The acoustic sensor 162 may be connected to a power source and/or other signal processing electronics 166 via a rotational coupling (e.g., mercury slip ring) through circuitry 168.

In some embodiments, in situ acoustic monitoring system 160 is a passive acoustic monitoring system. In this case, the signal is monitored by the acoustic sensor 162 without generating a signal from the acoustic signal generator (or the acoustic signal generator may be omitted from the system entirely). The passive acoustic signal monitored by the acoustic sensor 162 may be in the range of 50kHz to 1MHz, such as 200kHz to 400kHz, or 200kHz to 1 MHz. For example, to monitor the polishing of an interlayer dielectric (ILD) in Shallow Trench Isolation (STI), a frequency range of 225kHz to 350kHz may be monitored.

The signal from sensor 162 may be amplified by a built-in internal amplifier. In some implementations, the amplification gain is between 40dB and 60dB (e.g., 50 dB). The signal from the acoustic sensor 162 may then be further amplified and filtered (if desired) and digitized via an a/D port to a high-speed data collection pad, for example in electronics 166. The data from the acoustic sensor 162 may be recorded in a similar range as the generator 163 or in a different (e.g., higher) range (e.g., from 1Mhz to 10Mhz, such as 1-3MHz or 6-8 Mz). In embodiments in which acoustic sensor 162 is a passive acoustic sensor, a frequency range from 100kHz to 2MHz, such as 500kHz to 1MHz (e.g., 750 kHz), may be monitored.

If the acoustic sensor 162 is positioned in the platform 120, the acoustic sensor 162 may be located at the center of the platform 120, for example, at the axis of rotation 125, at the edge of the platform 120, or at the midpoint (e.g., 5 inches from the axis of rotation for a 20 inch diameter platform).

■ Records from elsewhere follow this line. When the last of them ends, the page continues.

(* tau_formula(s, .) ; the fresh variable for K_t q is larger than every
   variable occurring in s, t and q *)
Fixpoint tau_formula (s : term far') (p : dform) : aform :=
  match p with
  | dRel r v => aRel r (radj r s (Vector.map (tr s) v))
  | dEq t1 t2 => aEq (tr s t1) (tr s t2)
  | dNeg q => aNeg (tau_formula s q)
  | dAnd q1 q2 => aAnd (tau_formula s q1) (tau_formula s q2)
  | dAll x q => aAll x (tau_formula s q)
  | dK t q =>
      let x := S (Nat.max (tmaxv s) (Nat.max (tmaxv t) (dmaxv q))) in
      aEx x (aAnd (aEq (Var x) (tr s t))
                  (aAnd (aRel (Apred Σ) (Vector.const (Var x) (rar' (Apred Σ))))
                        (aK (tau_formula (Var x) q))))
  end.

(* the constant symbol A as a Sigma'-term (acon A has arity 0, so the
   argument vector is empty) *)
Definition aconst (A : D) : term far' :=
  App (acon Σ A) (Vector.const (Var 0) (far' (acon Σ A))).

Definition tau_theory (T : dtheory) : aform -> Prop :=
  fun q => exists A, agent A /\ exists p, T A p /\ q = tau_formula (aconst A) p.

Definition tau_structure (fam : D -> SStr) : SStr' :=
  {| fint := fun f =>
       match fsubj f as b
             return Vector.t D (if b then S (far f) else far f) -> D with
       | true => fun v =>
           let d := Vector.last v in
           if EM (agent d) then fint (fam d) f (Vector.shiftout v) else delta
       | false => fun v => Iof Σ f v
       end;
     rint := fun r =>
       match rsubj r as b
             return Vector.t D (if b then S (rar r) else rar r) -> Prop with
       | true => fun v =>
           let d := Vector.last v in
           agent d /\ rint (fam d) r (Vector.shiftout v)
       | false => fun v => Ior Σ r v
       end |}.

Definition tau_pws (Q : DPWS) : SStr' -> Prop :=
  fun J => exists fam : D -> SStr,
      (forall A, agent A -> Q A (fam A)) /\ J = tau_structure fam.

Definition tau_beliefpair (B : DBP) : ABP :=
  (tau_pws (fst B), tau_pws (snd B)).

Definition ABP_eq (P1 P2 : ABP) : Prop :=
  (forall J, fst P1 J <-> fst P2 J) /\ (forall J, snd P1 J <-> snd P2 J).

End DAEL.

(* The translation turns a family (I_A)_A of Sigma-structures, one per agent,
   into the single Sigma'-structure tau(I) that stores I_A in the extra
   "agent" argument of every subjective symbol.  Every normal
   Sigma'-structure J arises this way, from the family [fam_of J] of its
   slices, so a PWS tau_pws(Q) is exactly the set of normal J whose slices
   lie in Q.
   The heart of the proof is the translation lemma [aval_tau_formula]: if the
   index term s denotes an agent A, then tau_formula(s, phi) has the same
   value in tau(I) as phi has in I_A.  It is proved by induction on phi; in
   the modal case, quantifying over the structures of tau_pws(Q) amounts to
   quantifying over the A-slices Q_A, because every element of Q_A can be
   completed to a family through Q (here universal consistency is used).
   Summing the translation lemma over the theories T_A gives the values of
   tau_theory(T), from which the main theorem follows slice by slice. *)

From Stdlib Require Import Arith Lia Classical ClassicalEpsilon
  FunctionalExtensionality PropExtensionality Setoid.
Set Warnings "-warn-library-file-stdlib-vector".
From Stdlib Require Vector.
Set Implicit Arguments.

Lemma tv_eq (x y : tv) : (x = tt_ <-> y = tt_) -> (x = ff_ <-> y = ff_) -> x = y.
Proof.
  destruct x, y; intros [H1 H2] [H3 H4]; try reflexivity;
    solve [discriminate (H1 eq_refl) | discriminate (H2 eq_refl)
          | discriminate (H3 eq_refl) | discriminate (H4 eq_refl)].
Qed.

Lemma tglb_tt X (P : X -> Prop) g : tglb P g = tt_ <-> forall x, P x -> g x = tt_.
Proof.
  unfold tglb. destruct (EM _); [tauto|].
  destruct (EM _); split; intro; try discriminate; tauto.
Qed.

Lemma tglb_ff X (P : X -> Prop) g : tglb P g = ff_ <-> exists x, P x /\ g x = ff_.
Proof.
  unfold tglb. destruct (EM _) as [Hall|Hall].
  - split; [discriminate|]. intros [x [Px Hx]]. rewrite (Hall x Px) in Hx. discriminate.
  - destruct (EM _); split; intro; try discriminate; tauto.
Qed.

Lemma tglb_ext X (P : X -> Prop) g h : (forall x, g x = h x) -> tglb P g = tglb P h.
Proof. intro H. replace h with g; [reflexivity|]. now apply functional_extensionality. Qed.

Lemma tmin_tt v w : tmin v w = tt_ <-> v = tt_ /\ w = tt_.
Proof.
  unfold tmin. rewrite tglb_tt. split.
  - intro H. exact (conj (H true I) (H false I)).
  - intros [Hv Hw] [|] _; assumption.
Qed.

Lemma tmin_ff v w : tmin v w = ff_ <-> v = ff_ \/ w = ff_.
Proof.
  unfold tmin. rewrite tglb_ff. split.
  - intros [[|] [_ H]]; auto.
  - intros [H|H]; [exists true | exists false]; auto.
Qed.

Lemma tinv_tt v : tinv v = tt_ <-> v = ff_.
Proof. destruct v; simpl; split; congruence. Qed.

Lemma tinv_ff v : tinv v = ff_ <-> v = tt_.
Proof. destruct v; simpl; split; congruence. Qed.

Lemma tbool_tt P : tbool P = tt_ <-> P.
Proof. unfold tbool; destruct (EM P); split; intro; try discriminate; tauto. Qed.

Lemma tbool_ff P : tbool P = ff_ <-> ~ P.
Proof. unfold tbool; destruct (EM P); split; intro; try discriminate; tauto. Qed.

Lemma tbool_iff P Q : (P <-> Q) -> tbool P = tbool Q.
Proof. intro H. unfold tbool. destruct (EM P), (EM Q); tauto. Qed.

(* The shape of the value of a modal formula: t if P1, else f if P2, else u. *)
Lemma if3_ff (P1 P2 : Prop) :
  (if EM P1 then tt_ else if EM P2 then ff_ else uu_) = ff_ <-> ~ P1 /\ P2.
Proof.
  destruct (EM P1); [split; [discriminate | tauto]|].
  destruct (EM P2); split; intro; try discriminate; tauto.
Qed.

Lemma if3_ext (P1 P2 Q1 Q2 : Prop) : (P1 <-> Q1) -> (P2 <-> Q2) ->
  (if EM P1 then tt_ else if EM P2 then ff_ else uu_)
  = (if EM Q1 then tt_ else if EM Q2 then ff_ else uu_).
Proof. intros. destruct (EM P1), (EM Q1); try tauto; destruct (EM P2), (EM Q2); tauto. Qed.

(* Vectors: [vall P v] says that every entry of v satisfies P; it is the
   induction hypothesis for the nested vectors of arguments in a term. *)

Fixpoint vall {A n} (P : A -> Prop) (v : Vector.t A n) : Prop :=
  match v with
  | Vector.nil _ => True
  | Vector.cons _ x _ w => P x /\ vall P w
  end.

Lemma shiftout_shiftin {A n} (a : A) (v : Vector.t A n) :
  Vector.shiftout (Vector.shiftin a v) = v.
Proof. induction v; simpl; f_equal; auto. Qed.

Lemma shiftin_shiftout {A n} (v : Vector.t A (S n)) :
  Vector.shiftin (Vector.last v) (Vector.shiftout v) = v.
Proof.
  induction n; apply (Vector.caseS' v); intros h w.
  - now rewrite (Vector.nil_spec w).
  - simpl. f_equal. apply IHn.
Qed.

Lemma map_const {A B} (f : A -> B) a n :
  Vector.map f (Vector.const a n) = Vector.const (f a) n.
Proof. induction n; simpl; f_equal; auto. Qed.

Lemma vec0_eq {A n} (H : n = 0) (v w : Vector.t A n) : v = w.
Proof. subst. now rewrite (Vector.nil_spec v), (Vector.nil_spec w). Qed.

Section Translation.
Variable Σ : Setup.

Local Notation D := (D Σ).
Local Notation agent := (agent Σ).
Local Notation tau := (@tau_structure Σ).

Lemma term_ind' (fa : Fs Σ -> nat) (P : term Σ fa -> Prop) :
  (forall x, P (Var Σ fa x)) -> (forall f v, vall P v -> P (App f v)) ->
  forall t, P t.
Proof.
  intros HV HA. fix IH 1. intros [x|f v]; [apply HV | apply HA].
  revert v. generalize (fa f). fix IHv 2. intros n [|u m w].
  - exact I.
  - exact (conj (IH u) (IHv m w)).
Qed.

Lemma map_fadj {X Y} (g : X -> Y) f s w :
  Vector.map g (fadj Σ f s w) = fadj Σ f (g s) (Vector.map g w).
Proof. unfold fadj, far'. destruct (fsubj Σ f); [apply Vector.map_shiftin | reflexivity]. Qed.

Lemma map_radj {X Y} (g : X -> Y) r s w :
  Vector.map g (radj Σ r s w) = radj Σ r (g s) (Vector.map g w).
Proof. unfold radj, rar'. destruct (rsubj Σ r); [apply Vector.map_shiftin | reflexivity]. Qed.

(* In tau(fam), a symbol applied with extra argument e is the symbol of the
   slice fam e (for objective symbols because fam e agrees with I_o). *)
Lemma fint_tau (fam : D -> SStr Σ) f e w : agent e -> is_structure (fam e) ->
  fint (tau fam) f (fadj Σ f e w) = fint (fam e) f w.
Proof.
  intros He [Hf _]. unfold tau_structure, fadj; simpl; unfold far' in *.
  destruct (fsubj Σ f) eqn:E.
  - rewrite Vector.shiftin_last, shiftout_shiftin. destruct (EM _); tauto.
  - symmetry. now apply Hf.
Qed.

Lemma rint_tau (fam : D -> SStr Σ) r e w : agent e -> is_structure (fam e) ->
  (rint (tau fam) r (radj Σ r e w) <-> rint (fam e) r w).
Proof.
  intros He [_ Hr]. unfold tau_structure, radj; simpl; unfold rar' in *.
  destruct (rsubj Σ r) eqn:E.
  - rewrite Vector.shiftin_last, shiftout_shiftin. tauto.
  - symmetry. now apply Hr.
Qed.

Lemma apred_tau (fam : D -> SStr Σ) e :
  rint (tau fam) (Apred Σ) (Vector.const e (rar' Σ (Apred Σ))) <-> agent e.
Proof.
  unfold tau_structure; simpl. unfold rar'.
  generalize (Apred_int Σ e). rewrite (Apred_obj Σ). simpl. auto.
Qed.

Lemma tau_aconst (fam : D -> SStr Σ) a A : agent A -> teval (tau fam) a (aconst Σ A) = A.
Proof.
  intro HA. unfold aconst. simpl.
  generalize (Vector.map (teval (tau fam) a) (Vector.const (Var Σ (far' Σ) 0) (far' Σ (acon Σ A)))).
  unfold tau_structure; simpl. unfold far'.
  generalize (acon_int Σ A HA). rewrite (acon_obj Σ A HA). simpl. auto.
Qed.

Lemma teval_tr (fam : D -> SStr Σ) (s : term Σ (far' Σ)) a :
  agent (teval (tau fam) a s) -> is_structure (fam (teval (tau fam) a s)) ->
  forall t, teval (tau fam) a (tr s t) = teval (fam (teval (tau fam) a s)) a t.
Proof.
  intros He Hs. apply term_ind'; [reflexivity|].
  intros f v Hv. cbn -[tau_structure]. rewrite map_fadj, fint_tau by assumption. f_equal.
  rewrite Vector.map_map. clear -Hv. induction v; simpl in *; f_equal; tauto.
Qed.

Lemma teval_upd {fa ra} (I : Str Σ fa ra) t a x e :
  tmaxv t < x -> teval I (upd Σ a x e) t = teval I a t.
Proof.
  revert a. pattern t. apply term_ind'; clear t; [intros y | intros f v Hv]; intros a Hx; simpl in *.
  - unfold upd. destruct (Nat.eqb_spec y x); [lia | reflexivity].
  - f_equal. induction v as [|u n v IHv]; simpl in *; [reflexivity|].
    destruct Hv as [Hu Hv]. f_equal; [apply Hu | apply IHv]; auto; lia.
Qed.

Lemma aconst_upd {ra} (J : Str Σ (far' Σ) ra) a y e A : agent A ->
  teval J (upd Σ a y e) (aconst Σ A) = teval J a (aconst Σ A).
Proof.
  intro HA. unfold aconst; simpl. f_equal. apply vec0_eq.
  unfold far'. rewrite (acon_obj Σ A HA). apply (acon_ar Σ A HA).
Qed.

Lemma upd_eq (a : nat -> D) x e : upd Σ a x e x = e.
Proof. unfold upd. now rewrite Nat.eqb_refl. Qed.

Lemma upd_comm (a : nat -> D) x y e e' : x <> y ->
  upd Σ (upd Σ a x e) y e' = upd Σ (upd Σ a y e') x e.
Proof.
  intro H. apply functional_extensionality. intro z. unfold upd.
  destruct (Nat.eqb_spec z y), (Nat.eqb_spec z x); congruence.
Qed.

Lemma dval_upd (B : DBP Σ) p I a x e :
  dmaxv p < x -> dval B p I (upd Σ a x e) = dval B p I a.
Proof.
  revert I a. induction p; intros I a H; simpl in *.
  - apply tbool_iff.
    replace (Vector.map (teval I (upd Σ a x e)) t) with (Vector.map (teval I a) t); [tauto|].
    clear -H. induction t; simpl in *; [reflexivity|].
    f_equal; [symmetry; apply teval_upd | apply IHt]; lia.
  - now rewrite !teval_upd by lia.
  - now rewrite IHp.
  - now rewrite IHp1, IHp2 by lia.
  - apply tglb_ext. intro d. rewrite upd_comm by lia. apply IHp. lia.
  - rewrite teval_upd by lia.
    assert (Hp : forall J, dval B p J (upd Σ a x e) = dval B p J a) by (intro; apply IHp; lia).
    apply if3_ext; setoid_rewrite Hp; tauto.
Qed.

Definition structured (fam : D -> SStr Σ) : Prop := forall A, agent A -> is_structure (fam A).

Referring now to FIG. 2A, further details of the acoustic monitoring system 160 are shown. The acoustic sensor 162 may be retained within a recess 169 in the top surface of the housing 163. The housing 163 may facilitate proper positioning of the sensor 162. The housing 163 is composed of a rigid, durable material sufficient to protect the acoustic sensor 162 from damage. However, in some embodiments, for example, as shown in fig. 2C and 2D, a housing is not necessary, for example, the sensor 162 may simply fit between and be secured by the sidewalls of the recess 169. Various embodiments described as using a housing may omit the housing.

In some embodiments, for example, as shown in fig. 2B, the housing 163 extends through the backing layer 114, and in some embodiments, for example, as shown in fig. 2A, the housing 163 extends through a portion of the polishing layer 112. However, in some embodiments, for example, if the top surface of the sensor 163 is coplanar with the top surface of the platen 120 and contacts the bottom surface of the polishing pad 110, the housing 163 fits completely within the recess 164 in the platen 120.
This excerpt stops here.